Quotients of algebras

Question

Let $A$ be a finite dimensional algebra over an algebraically closed field $k$.

Can $A$ admit infinitely many non-isomorphic quotient algebras?

Answer 1

Yes. For instance, let $A=k[x,y]/(x,y)^5$. For any $c\in k\setminus\{0,1\}$, consider the algebra $B_c=A/(xy(x+y)(cx+y))$. Write $V_c=m/m^2$ where $m=(x,y)\subset B_c$ is the unique maximal ideal. We can identify $V_c$ with the set of homogeneous linear polynomials in $x$ and $y$, and thus identify its projectivization with $\mathbb{P}^1_k$. Now note that there is a unique set of four elements of $\mathbb{P}^1_k$ which, if lifted to elements of $V_c$ and then to elements of $B_c$, have a product of $0$, namely the elements corresponding to $x,y,x+y,$ and $cx+y$. Identifying $\mathbb{P}^1_k$ with $k\cup\{\infty\}$ in the usual way, these four points correspond to $\infty,0,1,$ and $c$.

Now, any isomorphism $B_c\to B_d$ would induce a linear isomorphism $V_c\to V_d$; projectivizing this linear isomorphism would give an isomorphism $\mathbb{P}^1_k\to\mathbb{P}^1_k$ which maps $\infty,0,1,$ and $c$ to $\infty,0,1,$ and $d$ in some order.
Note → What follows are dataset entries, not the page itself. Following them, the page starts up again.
(* Let $\chi$ be a countable set and let $B \ge 1$ be an integer. Let $s:\{1,2,\dots,B\} \to (0,\infty)$ be an injective function. Then there exists a function $f:\chi\to\mathbb{R}$ such that the map $$h(X) = s(|X|)\cdot \frac{1}{|X|}\sum_{x \in X} f(x)$$ (the sum taken with multiplicity) is injective on the set of all nonempty finite multisets $X$ of elements of $\chi$ with $|X| \le B$.
   Context: $|X|$ denotes the cardinality of the multiset $X$ counted with multiplicity (the neighbourhood size / node degree). The map $h$ is the mean aggregator of $f$ composed with the degree-scaler $s$; the positivity assumption on $s$ can always be achieved from an arbitrary injective scaler by adding a constant (an affine shift), which preserves injectivity. The special case $s(d)=d$ gives the sum aggregator $\sum_{x\in X} f(x)$. *)

From HB Require Import structures.
From mathcomp Require Import all_boot all_order all_algebra.
From mathcomp Require Import reals.
Set Implicit Arguments. Unset Strict Implicit. Unset Printing Implicit Defensive.
Import Order.TTheory GRing.Theory Num.Theory.
Local Open Scope ring_scope.

(* A finite multiset over chi is represented by a sequence, up to permutation
   (perm_eq).  Its cardinality with multiplicity is [size X]. *)

Definition scaled_mean_agg (R : realType) (chi : Type)
    (s : nat -> R) (f : chi -> R) (X : seq chi) : R :=
  s (size X) * ((size X)%:R)^-1 * \sum_(x <- X) f x.

From HB Require Import structures.
From mathcomp Require Import all_boot all_order all_algebra.
From mathcomp Require Import reals ring lra zify.
Set Implicit Arguments. Unset Strict Implicit. Unset Printing Implicit Defensive.
Import Order.TTheory GRing.Theory Num.Theory.
Local Open Scope ring_scope.

(* Enumerate chi by [pickle] and give x the weight code x = r^(pickle x + 1)
   with r = 1/(B+1).  Since no element occurs more than B times, the sum of
   the weights of a multiset is a base-(B+1) expansion whose digits are the
   multiplicities, so it determines the multiset (code_sum_inj; the proof
   peels off the element of least pickle, using a digit-uniqueness fact).
   The feature map is f x = T + code x for a large constant T: then
   h(X) = s(|X|) T + (s(|X|)/|X|) sum code, the second summand lying in
   [0, s(|X|)].  T is chosen so that T |s i - s j| exceeds |s i| + |s j|
   for all i, j <= B with s i <> s j, which makes multisets of different
   sizes give different values (offset_separation); for equal sizes the
   factor s(|X|)/|X| cancels and code_sum_inj concludes. *)

Lemma sum_count_split (R : nmodType) (T : eqType) (F : T -> R) (x0 : T)
    (X : seq T) :
  \sum_(x <- X) F x =
  F x0 *+ count_mem x0 X + \sum_(x <- [seq y <- X | y != x0]) F x.
Proof.
rewrite (bigID (pred1 x0)) big_filter /=; congr (_ + _).
rewrite (eq_bigr (fun=> F x0)) => [|x /eqP -> //].
by rewrite big_const_seq iter_addr_0.
Qed.

Lemma filter_pred1_nseq (T : eqType) (x0 : T) (X : seq T) :
  [seq x <- X | x == x0] = nseq (count_mem x0 X) x0.
Proof.
by elim: X => [|y X IH] //=; rewrite IH eq_sym; case: eqVneq => [->|].
Qed.

Lemma perm_split (T : eqType) (x0 : T) (X Y : seq T) :
  count_mem x0 X = count_mem x0 Y ->
  perm_eq [seq x <- X | x != x0] [seq x <- Y | x != x0] -> perm_eq X Y.
Proof.
move=> eq_cnt perm_rest.
rewrite -(perm_filterC (pred1 x0) X) perm_sym -(perm_filterC (pred1 x0) Y).
by rewrite perm_sym !filter_pred1_nseq eq_cnt perm_cat2l.
Qed.

Lemma exists_min_pickle (T : countType) (X : seq T) : X != [::] ->
  exists2 x0, x0 \in X & forall y, y \in X -> (pickle x0 <= pickle y)%N.
Proof.
case: X => [|x X] // _.
have ex_code : exists k, has (fun y => pickle y == k) (x :: X).
  by exists (pickle x); rewrite /= eqxx.
case: (ex_minnP ex_code) => k /hasP [x0 x0X /eqP <-] min_k.
by exists x0 => // y yX; apply: min_k; apply/hasP; exists y.
Qed.

Lemma digit_unique (R : realDomainType) (a b : nat) (delta u v : R) :
  0 <= u < delta -> 0 <= v < delta ->
  delta *+ a + u = delta *+ b + v -> a = b.
Proof.
wlog lt_ab : a b u v / (a < b)%N.
  move=> wlog_lt hu hv eq_ab; case: (ltngtP a b) => [lt|lt|//].
  - exact: wlog_lt hu hv eq_ab.
  - by apply/esym; apply: wlog_lt hv hu (esym eq_ab).
move=> /andP [u_ge0 u_lt] /andP [v_ge0 _] eq_ab; exfalso.
have delta_ge0 : 0 <= delta by exact: le_trans u_ge0 (ltW u_lt).
have : delta *+ a.+1 <= delta *+ b by exact: ler_wpMn2l.
rewrite mulrS => ge_b; lra.
Qed.

Lemma offset_separation (R : realDomainType) (sigma tau T u v : R) :
  0 <= u <= sigma -> 0 <= v <= tau ->
  `|sigma| + `|tau| < T * `|sigma - tau| -> sigma * T + u != tau * T + v.
Proof.
move=> /andP [u_ge0 u_le] /andP [v_ge0 v_le] big_T; apply/eqP => eq_st.
have : T * `|sigma - tau| <= `|(sigma - tau) * T|.
  by rewrite normrM mulrC ler_wpM2l ?real_ler_norm ?num_real.
have -> : (sigma - tau) * T = v - u by rewrite mulrBl; lra.
move=> le_norm; have := ler_normB v u.
rewrite (ger0_norm u_ge0) (ger0_norm v_ge0) => tri.
have := ler_norm sigma; have := ler_norm tau; lra.
Qed.

Lemma finite_upper_bound (R : realDomainType) (I : finType) (F : I -> R) :
  exists M, forall i, F i <= M.
Proof.
exists (\sum_i `|F i|) => i; apply: le_trans (ler_norm _) _.
by rewrite (bigD1 i) //= lerDl sumr_ge0.
Qed.

Section Code.
Variables (R : realFieldType) (chi : countType) (B : nat).

Let r : R := (B.+1)%:R^-1.

Definition code (x : chi) : R := r ^+ (pickle x).+1.

Lemma r_gt0 : 0 < r. Proof. by rewrite invr_gt0 ltr0n. Qed.

Lemma r_le1 : r <= 1. Proof. by rewrite invf_le1 ?ltr0n // ler1n. Qed.

Lemma code_gt0 x : 0 < code x. Proof. by rewrite exprn_gt0 // r_gt0. Qed.

Lemma code_le1 x : code x <= 1.
Proof. by rewrite exprn_ile1 ?r_le1 // ltW // r_gt0. Qed.

Lemma sum_code_ge0 (X : seq chi) : 0 <= \sum_(x <- X) code x.
Proof. by apply: sumr_ge0 => x _; apply: ltW; apply: code_gt0. Qed.

Lemma sum_code_le_size (X : seq chi) : \sum_(x <- X) code x <= (size X)%:R.
Proof.
by rewrite -sum1_size natr_sum ler_sum // => x _; apply: code_le1.
Qed.

Lemma code_tail_lt (x0 : chi) (Z : seq chi) : (size Z <= B)%N ->
  (forall x, x \in Z -> (pickle x0 < pickle x)%N) ->
  \sum_(x <- Z) code x < code x0.
Proof.
move=> size_Z later.
have step : forall x, x \in Z -> code x <= r * code x0.
  move=> x /later lt_x; rewrite /code -exprS.
  by apply: ler_wiXn2l; rewrite ?r_le1 // ltW // r_gt0.
apply: (le_lt_trans (y := (r * code x0) *+ B)).
  apply: le_trans (_ : _ <= \sum_(x <- Z) r * code x0) _.
    by rewrite !big_seq; apply: ler_sum => x /step.
  rewrite big_const_seq iter_addr_0 count_predT ler_wpMn2l //.
  by rewrite mulr_ge0 // ltW ?r_gt0 ?code_gt0.
rewrite -mulr_natl mulrA gtr_pMl ?code_gt0 //.
by rewrite ltr_pdivrMr ?ltr0n // mul1r ltr_nat.
Qed.

Lemma code_sum_inj n (X Y : seq chi) : (size X + size Y <= n)%N ->
  (size X <= B)%N -> (size Y <= B)%N ->
  \sum_(x <- X) code x = \sum_(x <- Y) code x -> perm_eq X Y.
Proof.
elim: n X Y => [|n IH] X Y; first by case: X; case: Y.
move=> size_XY size_X size_Y eq_sum.
have [XY0|XYn0] := eqVneq (X ++ Y) [::].
  by case: X Y XY0 {size_XY size_X size_Y eq_sum} => [|//] [|//].
have [x0 x0_XY min_x0] := exists_min_pickle XYn0.
pose rest Z := [seq x <- Z | x != x0].
have rest_lt : forall Z, {subset Z <= X ++ Y} -> (size Z <= B)%N ->
    0 <= \sum_(x <- rest Z) code x < code x0.
  move=> Z sub_Z size_Z; rewrite sum_code_ge0 code_tail_lt //.
    by rewrite size_filter (leq_trans (count_size _ _)).
  move=> x; rewrite mem_filter => /andP [x_ne x_Z].
  rewrite ltn_neqAle min_x0 ?sub_Z // andbT.
  by apply: contra x_ne => /eqP /(pcan_inj pickleK) ->.
have rest_X : 0 <= \sum_(x <- rest X) code x < code x0.
  by apply: rest_lt size_X => x xX; rewrite mem_cat xX.
have rest_Y : 0 <= \sum_(x <- rest Y) code x < code x0.
  by apply: rest_lt size_Y => x xY; rewrite mem_cat xY orbT.
rewrite (sum_count_split code x0 X) (sum_count_split code x0 Y) in eq_sum.
have eq_cnt := digit_unique rest_X rest_Y eq_sum.
move: eq_sum; rewrite eq_cnt => /addrI eq_rest.
have size_split Z : size Z = (count_mem x0 Z + size [seq y <- Z | y != x0])%N.
  by rewrite size_filter count_predC.
have cnt_pos : (0 < count_mem x0 X)%N.
  have : (0 < count_mem x0 (X ++ Y))%N by rewrite -has_count has_pred1.
  by rewrite count_cat -eq_cnt addnn double_gt0.
have perm_rest : perm_eq (rest X) (rest Y).
  apply: IH eq_rest.
  - move: size_XY cnt_pos; rewrite (size_split X) (size_split Y) -eq_cnt.
    by move: (count_mem _ _) (size _) (size _) => c a b; lia.
  - by rewrite (leq_trans _ size_X) // (size_split X) leq_addl.
  - by rewrite (leq_trans _ size_Y) // (size_split Y) leq_addl.
exact: perm_split eq_cnt perm_rest.
Qed.

End Code.

Lemma scaled_mean_agg_shift (R : realType) (chi : Type) (s : nat -> R)
    (c : R) (g : chi -> R) (X : seq chi) : (0 < size X)%N ->
  scaled_mean_agg s (fun x => c + g x) X =
  s (size X) * c + s (size X) / (size X)%:R * \sum_(x <- X) g x.
Proof.
move=> size_X; rewrite /scaled_mean_agg big_split /= big_const_seq.
rewrite iter_addr_0 count_predT -mulr_natl; field.
by rewrite pnatr_eq0 -lt0n.
Qed.

Lemma scaled_mean_bound (R : realFieldType) (sigma S : R) (n : nat) :
  (0 < n)%N -> 0 < sigma -> 0 <= S <= n%:R -> 0 <= sigma / n%:R * S <= sigma.
Proof.
move=> n_gt0 sigma_gt0 /andP [S_ge0 S_le].
have n_pos : 0 < n%:R :> R by rewrite ltr0n.
apply/andP; split; first by rewrite mulr_ge0 // divr_ge0 // ltW.
by rewrite mulrAC ler_pdivrMr // ler_wpM2l // ltW.
Qed.

Theorem theorem2 (R : realType) (chi : countType) (B : nat) (s : nat -> R) :
  (1 <= B)%N ->
  (forall i j : nat, (1 <= i <= B)%N -> (1 <= j <= B)%N -> s i = s j -> i = j) ->
  (forall i : nat, (1 <= i <= B)%N -> 0 < s i) ->
  exists f : chi -> R,
    forall X Y : seq chi,
      (0 < size X)%N -> (size X <= B)%N ->
      (0 < size Y)%N -> (size Y <= B)%N ->
      scaled_mean_agg s f X = scaled_mean_agg s f Y -> perm_eq X Y.
Proof.
move=> _ s_inj s_pos.
have [T T_big] := finite_upper_bound
  (fun ij : 'I_B.+1 * 'I_B.+1 =>
     (`|s ij.1| + `|s ij.2| + 1) / `|s ij.1 - s ij.2|).
exists (fun x => T + code R B x) => X Y X_gt0 X_le Y_gt0 Y_le.
rewrite !scaled_mean_agg_shift //.
have sX_pos : 0 < s (size X) by rewrite s_pos ?X_gt0.
have sY_pos : 0 < s (size Y) by rewrite s_pos ?Y_gt0.
have [eq_size|ne_size] := eqVneq (size X) (size Y).
  have scale_nz : s (size X) / (size X)%:R != 0.
    by rewrite mulf_neq0 ?gt_eqF ?invr_gt0 ?ltr0n.
  rewrite -eq_size => /addrI /(mulfI scale_nz) eq_sum.
  by apply: (code_sum_inj (n := size X + size Y)) eq_sum.
have ne_s : s (size X) != s (size Y).
  by apply: contra ne_size => /eqP /s_inj -> //; rewrite ?X_gt0 ?Y_gt0.
have dist_gt0 : 0 < `|s (size X) - s (size Y)| by rewrite normr_gt0 subr_eq0.
move=> /eqP; apply: contraLR => _; apply: offset_separation.
- by apply: scaled_mean_bound; rewrite ?sum_code_ge0 ?sum_code_le_size.
- by apply: scaled_mean_bound; rewrite ?sum_code_ge0 ?sum_code_le_size.
- have := T_big (Ordinal (X_le : (size X < B.+1)%N), Ordinal (Y_le : (size Y < B.+1)%N)).
  by rewrite ler_pdivrMr //=; lra.
Qed.
Section Guessing.
Variable C : K -> K -> Prop.
Hypothesis guessing : forall A : K -> K -> Prop,
  (forall i, R i lam -> unbounded R (A i)) ->
  forall theta, R theta lam -> is_limit R theta ->
  forall D, club R D ->
    exists a : K, exists e : seg R theta -> K, otp_iso R theta (C a) e /\
      forall i j : seg R theta,
        R (proj1_sig i) (proj1_sig j) ->
        (forall k, ~ (R (proj1_sig i) k /\ R k (proj1_sig j))) ->
        A (proj1_sig i) (e j) /\
        exists b, D b /\ R (e i) b /\ R b (e j).
Variable Psi : K * K -> K.
Hypothesis Psi_ge : forall v g, le R g (Psi (v, g)).
Hypothesis Psi_inj : forall p q, Psi p = Psi q -> p = q.

Definition guesses (t : K) (A : K -> K -> Prop) (a : K) : Prop :=
  exists e : seg R t -> K, otp_iso R t (C a) e /\
    forall i j : seg R t, proj1_sig j = succ (proj1_sig i) -> A (proj1_sig i) (e j).

Lemma guesses_exists t A : R t lam -> is_limit R t ->
  (forall i, R i lam -> unbounded R (A i)) -> exists a, guesses t A a.
Proof.
  intros Ht Hl HA.
  assert (Hclub : club R (fun _ => True)) by (split; [intros x; exists x; split; [|right]|]; auto).
  destruct (guessing A HA t Ht Hl _ Hclub) as [a [e [He Hguess]]].
  exists a, e. split; auto. intros i j Ej.
  apply Hguess; rewrite Ej; [apply R_succ|].
  intros k [Hik Hk]. apply (le_not_R _ _ (le_of_R_succ _ _ Hk) Hik).
Qed.

Definition row (v : K) : K -> Prop := fun x => exists g, x = Psi (v, g).

(* Rows are pairwise disjoint, so [C (guess t sq)] determines [sq] below [t]. *)
Definition guess (t : K) (sq : K -> K) : K :=
  epsilon (inhabits lam) (guesses t (fun i => row (sq i))).

Lemma guess_spec t sq : R t lam -> is_limit R t -> guesses t (fun i => row (sq i)) (guess t sq).
Proof.
  intros Ht Hl. unfold guess. apply epsilon_spec, guesses_exists; auto.
  intros i _ x. exists (Psi (sq i, x)). split; [exists x; auto|apply Psi_ge].
Qed.

Lemma guess_injective t sq sq' : R t lam -> is_limit R t -> guess t sq = guess t sq' ->
  forall i, R i t -> sq i = sq' i.
Proof.
  intros Ht Hl E i Hi.
  destruct (guess_spec t sq Ht Hl) as [e [He Hrow]].
  destruct (guess_spec t sq' Ht Hl) as [e' [He' Hrow']].
  rewrite E in He.
  set (ii := exist (fun x => R x t) i Hi).
  set (jj := exist (fun x => R x t) (succ i) (succ_lt_limit t i Hl Hi)).
  destruct (Hrow ii jj eq_refl) as [g Eg]. destruct (Hrow' ii jj eq_refl) as [g' Eg'].
  rewrite (otp_iso_unique t _ e e' He He' jj), Eg' in Eg.
  apply Psi_inj in Eg. injection Eg. auto.
Qed.
(* [psi s := F (x + s h) - s <G x, h> - s^2 L/2 |h|^2] is nonincreasing on [0, 1]. *)
Lemma descent_lemma (x h : 'rV[R]_d) :
  F (x + h) - F x <= dotv (G x) h + L / 2 * dotv h h.
Proof.
pose c := dotv (G x) h; pose k := L / 2 * dotv h h.
pose psi (s : R) := F (x + s *: h) - (s * c + s ^+ 2 * k).
have psi_derive (s : R) : is_derive s 1 psi (dotv (G (x + s *: h)) h - (c + (2 * s) * k)).
  have line_derive := is_derive_along_line x h s.
  apply: is_deriveB; apply: is_derive_eq.
  by rewrite !scaler0 !add0r /GRing.scale /= !mulr1; ring.
suff : psi 1 <= psi 0 by rewrite /psi scale0r scale1r addr0 /c /k; lra.
apply: (@ler0_derive1_le_cc _ psi 0 1); rewrite ?in_itv /= ?lexx ?ler01 //.
- move=> s; rewrite in_itv /= => /andP[s_gt0 _].
  rewrite derive1E (@derive_val _ _ _ _ _ _ _ (psi_derive s)).
  have cs := dotv_le_norm2 (G (x + s *: h) - G x) h.
  have lip := G_lipschitz (x + s *: h) x.
  rewrite addrAC subrr add0r norm2Z (gtr0_norm s_gt0) in lip.
  have := ler_wpM2r (norm2_ge0 h) lip.
  rewrite dotvBl -/c in cs; rewrite /k -norm2_sqr; nra.
- apply: continuous_subspaceT => s.
  by apply/differentiable_continuous/derivable1_diffP; case: (psi_derive s).
Qed.

End DescentLemma.

Section BatchMean.
Variables (R : realType) (n b : nat).

Let batches_through (i : 'I_n) := #|[set I : {set 'I_n} | (#|I| == b) && (i \in I)]|.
Taking cross-ratios, this means $d$ must be the cross-ratio of $\infty,0,1,$ and $c$ in some order. There are only finitely many such orders, and thus only finitely many values of $d$ such that $B_c$ and $B_d$ are isomorphic. Since there are infinitely many different values $c$ can take, this means the quotients $B_c$ of $A$ must have infinitely many different isomorphism types.